Anonim

Le clonage peut être sûr et offrir au final des avantages futurs pour l’industrie, mais la controverse entourant l’ensemble du problème exige que les individus soient autorisés à choisir s’ils souhaitent ou non acheter des produits contenant de tels aliments.

La question de la viande clonée ne concerne pas la santé et la sécurité - les preuves scientifiques examinées par les régulateurs américains et européens indiquent que la variété clonée n'est pas différente de la habituelle.

Au lieu de cela, le problème auquel l'industrie doit maintenant faire face est de savoir s'il veut tester l'acceptation par les consommateurs de cette nouvelle technologie, compte tenu des préoccupations actuelles concernant l'utilisation d'organismes génétiquement modifiés (OGM).

C’est la raison pour laquelle il est clairement établi que les organisations du secteur alimentaire et les responsables politiques doivent maintenant prendre des mesures immédiates pour exiger l’étiquetage avant que la répression ne s’agrandisse.

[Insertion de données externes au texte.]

(* Let $\mathfrak{X}$ be a Bourgain–Delbaen space determined by $(\Gamma_q,i_q)_q$ and let $\Gamma'$ be a self-determined subset of $\Gamma$. For $q\in\mathbb{N}$ let $\Gamma_q''=\Gamma_q\setminus\Gamma'$. Then for every $q\in\mathbb{N}$, $i_q[\ell_\infty(\Gamma_q'')]=\langle\{d_\gamma:\gamma\in\Gamma_q''\}\rangle$, where $\ell_\infty(\Gamma_q'')$ is naturally identified with a subspace of $\ell_\infty(\Gamma_q)$. In particular, the closed linear span $Y$ of $\{d_\gamma:\gamma\in\Gamma\setminus\Gamma'\}$ is a $\mathscr{L}_\infty$-space.
   Context: Bourgain–Delbaen spaces: $(\Gamma_q)_{q\geqslant1}$ is a strictly increasing sequence of non-empty finite sets, $\Gamma=\bigcup_q\Gamma_q$, and $i_q:\ell_\infty(\Gamma_q)\to\ell_\infty(\Gamma)$ are linear extension operators (i.e. $i_q(x)|_{\Gamma_q}=x$) with $\sup_q\|i_q\|<\infty$, which are compatible: for $p<q$, $i_p=i_q\circ r_q\circ i_p$, where $r_q$ is restriction to $\Gamma_q$. Set $\Delta_1=\Gamma_1$, $\Delta_{q+1}=\Gamma_{q+1}\setminus\Gamma_q$, and for $\gamma\in\Delta_q$ let $d_\gamma=i_q(e_\gamma)$; $\mathfrak{X}$ is the closed span of $\{d_\gamma\}$ in $\ell_\infty(\Gamma)$. For $\gamma\in\Gamma$, $e_\gamma^*$ is evaluation at $\gamma$ restricted to $\mathfrak{X}$ and $(d_\gamma^* )$ are the functionals biorthogonal to $(d_\gamma)$. An infinite subset $\Gamma'\subseteq\Gamma$ is self-determined if each $d_\gamma^*$, $\gamma\in\Gamma'$, lies in the linear span of $\{e_\eta^*:\eta\in\Gamma'\}$. A Banach space is a $\mathscr{L}_\infty$-space if for some $\lambda$ every finite-dimensional subspace is contained in a finite-dimensional subspace $F$ that is $\lambda$-isomorphic to $\ell_\infty^{\dim F}$. $\langle\cdot\rangle$ denotes linear span. *)

From mathcomp Require Import all_boot all_order all_algebra.
From mathcomp Require Import all_classical all_reals.
Unset Implicit Arguments. Unset Strict Implicit. Unset Printing Implicit Defensive.
Import Order.TTheory GRing.Theory Num.Theory.
Local Open Scope ring_scope.
Local Open Scope classical_set_scope.

Section BD.
Variables (R : realType) (Gamma : eqType).

(* elements of Gamma_q, and ell_oo(Gamma_q) = functions on Gamma_q *)
Definition sub (Gam : nat -> set Gamma) (q : nat) := {g : Gamma | Gam q g}.

(* sup-norm bound written without sup:  ||x||_oo <= M *)
Definition normle (I : Type) (x : I -> R) (M : R) := forall k, `|x k| <= M.

Definition Delta (Gam : nat -> set Gamma) (q : nat) : set Gamma :=
  if q is p.+1 then Gam p.+1 `\` Gam p else Gam 0%N.

Definition ev (Gam : nat -> set Gamma) (q : nat) (g : Gamma) : sub Gam q -> R :=
  fun s => if proj1_sig s == g then 1 else 0.

Definition BD_data (Gam : nat -> set Gamma)
  (i : forall q, (sub Gam q -> R) -> Gamma -> R) : Prop :=
  (forall q, finite_set (Gam q) /\ Gam q !=set0) /\
      (forall q, Gam q `<` Gam q.+1) /\
      (forall g, exists q, Gam q g) /\
      (forall q (a : R) (x y : sub Gam q -> R),
          i q (fun s => a * x s + y s) = (fun g => a * i q x g + i q y g)) /\
      (forall q x (s : sub Gam q), i q x (proj1_sig s) = x s) /\
      (exists C : R, forall q (x : sub Gam q -> R) (M : R),
          normle _ x M -> normle _ (i q x) (C * M)) /\
    (forall p q (x : sub Gam p -> R), (p < q)%N ->
          i p x = i q (fun s : sub Gam q => i p x (proj1_sig s))).

Definition dset (Gam : nat -> set Gamma)
  (i : forall q, (sub Gam q -> R) -> Gamma -> R) (A : set Gamma) : set (Gamma -> R) :=
  [set y | exists q g, [/\ Delta Gam q g, A g & y = i q (ev Gam q g)]].

Definition lspan (S : set (Gamma -> R)) : set (Gamma -> R) :=
  [set y | exists (n : nat) (a : 'I_n -> R) (v : 'I_n -> Gamma -> R),
     (forall k, S (v k)) /\ y = (fun g => \sum_(k < n) a k * v k g)].

Definition closed_span (S : set (Gamma -> R)) : set (Gamma -> R) :=
  [set y | (exists M, normle _ y M) /\
     forall eps : R, 0 < eps -> exists z, lspan S z /\ normle _ (fun g => y g - z g) eps].

(* Gamma' is self-determined: infinite, and for gamma in Gamma', d*_gamma lies in
   the linear lspan of {e*_eta : eta in Gamma'}, i.e. some functional
   sum_j a_j e*_{eta_j} (eta_j in Gamma') is biorthogonal to (d_delta)
   at gamma:  it takes the value [delta = gamma] at every d_delta. *)
Definition self_determined (Gam : nat -> set Gamma)
  (i : forall q, (sub Gam q -> R) -> Gamma -> R) (G' : set Gamma) : Prop :=
  infinite_set G' /\
  forall g, G' g -> exists (n : nat) (a : 'I_n -> R) (eta : 'I_n -> Gamma),
     (forall j, G' (eta j)) /\
     forall q d, Delta Gam q d ->
       \sum_(j < n) a j * i q (ev Gam q d) (eta j) = (if d == g then 1 else 0).

Definition fdspan (m : nat) (v : 'I_m -> Gamma -> R) := lspan [set v k | k in [set: 'I_m]].

Definition Linfty_space (Y : set (Gamma -> R)) : Prop :=
  exists lam : R, forall (m : nat) (v : 'I_m -> Gamma -> R), (forall k, Y (v k)) ->
    exists (m' : nat) (w : 'I_m' -> Gamma -> R),
      [/\ (forall k, Y (w k)), fdspan _ v `<=` fdspan _ w &
      (* F := fdspan _ w is lam-isomorphic to ell_oo^n, n = dim F *)
      exists (n : nat) (T : (Gamma -> R) -> 'I_n -> R) (S : ('I_n -> R) -> Gamma -> R)
             (a b : R),
        (forall c x y, fdspan _ w x -> fdspan _ w y ->
               T (fun g => c * x g + y g) = (fun k => c * T x k + T y k)) /\
            (forall c u u', S (fun k => c * u k + u' k) = (fun g => c * S u g + S u' g)) /\
            (forall x, fdspan _ w x -> S (T x) = x) /\
            (forall u, fdspan _ w (S u) /\ T (S u) = u) /\
            (forall x M, fdspan _ w x -> normle _ x M -> normle _ (T x) (a * M)) /\
            (forall u M, normle _ u M -> normle _ (S u) (b * M)) /\
            a * b <= lam].

End BD.
Arguments sub {Gamma}.
Arguments normle {R I}.
Arguments Delta {Gamma}.
Arguments ev {R Gamma}.
Arguments BD_data {R Gamma}.
Arguments dset {R Gamma}.
Arguments lspan {R Gamma}.
Arguments closed_span {R Gamma}.
Arguments self_determined {R Gamma}.
Arguments fdspan {R Gamma}.
Arguments Linfty_space {R Gamma}.

From mathcomp Require Import all_boot all_order all_algebra.
From mathcomp Require Import all_classical all_reals.
From mathcomp Require Import ring.
Import Order.TTheory GRing.Theory Num.Theory.
Local Open Scope ring_scope.
Local Open Scope classical_set_scope.
Set Implicit Arguments. Unset Strict Implicit. Unset Printing Implicit Defensive.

Un étiquetage et un programme d’éducation feraient cesser les craintes suscitées par les déclarations des médias qui déclaraient que le clonage était en train de créer un "spectacle monstre" dans les exploitations agricoles - qui renvoie au langage "Frankenstein" utilisé pour exprimer la méfiance à l’égard des OGM.

On peut déjà voir les failles se développer sur la question dans les récentes mesures prises par les régulateurs américains et européens - une fracture potentielle qui pourrait conduire à la même confusion des consommateurs qui a surgi à propos des OGM en raison du conflit entre les deux partenaires commerciaux.

Dans le cas de la viande clonée, le régulateur américain a publié une consultation proposant d'autoriser l'introduction du produit dans la chaîne alimentaire sans nécessiter d'étiquetage. Dans l'UE, les régulateurs des pays membres ont déclaré que la viande clonée - bien que saine - devait passer par son processus d'approbation des nouveaux aliments, de la même manière que les OGM.

Et nous savons ce qui est arrivé aux OGM en Europe une fois que l'autorité de régulation de la sécurité des aliments de l'UE a commencé à donner des avis positifs sur des produits individuels - les approbations ont été bloquées au niveau politique en raison d'une réaction défavorable des consommateurs.

Le public se méfie des aliments clonés, en raison des souvenirs des peurs passées, du sentiment que la technologie leur est appliquée sans consultation, et du manque de compréhension de la science.

Une étude indépendante menée aux États-Unis indique que 60% des Américains ne mangeraient pas sciemment de viande clonée. Une enquête européenne de 2002 a révélé que les Européens étaient généralement opposés à tout nouvel aliment produit grâce à de nouvelles avancées scientifiques, telles que les OGM.

Une nouvelle tactique est donc nécessaire pour l’industrie alimentaire.

On pourrait soutenir que le processus de prise de décision réglementaire commence et se termine sur l'unique question de savoir si les aliments dérivés de clones et de leurs descendants sont sans danger pour la consommation publique.

En théorie et dans la pratique, cela se fait en examinant les preuves scientifiques, puis en effectuant une évaluation des risques et des avantages potentiels fondée sur les risques.

Mais une fois que les régulateurs ont terminé leur travail, la décision d'introduire réellement des aliments clonés entre alors dans le domaine de la politique, de l'économie de marché et de l'éthique.

Le transport d’un groupe de clones par le bétail dans l’approvisionnement alimentaire ne fera que renforcer les craintes et potentiellement provoquer une réaction violente contre l’industrie alimentaire.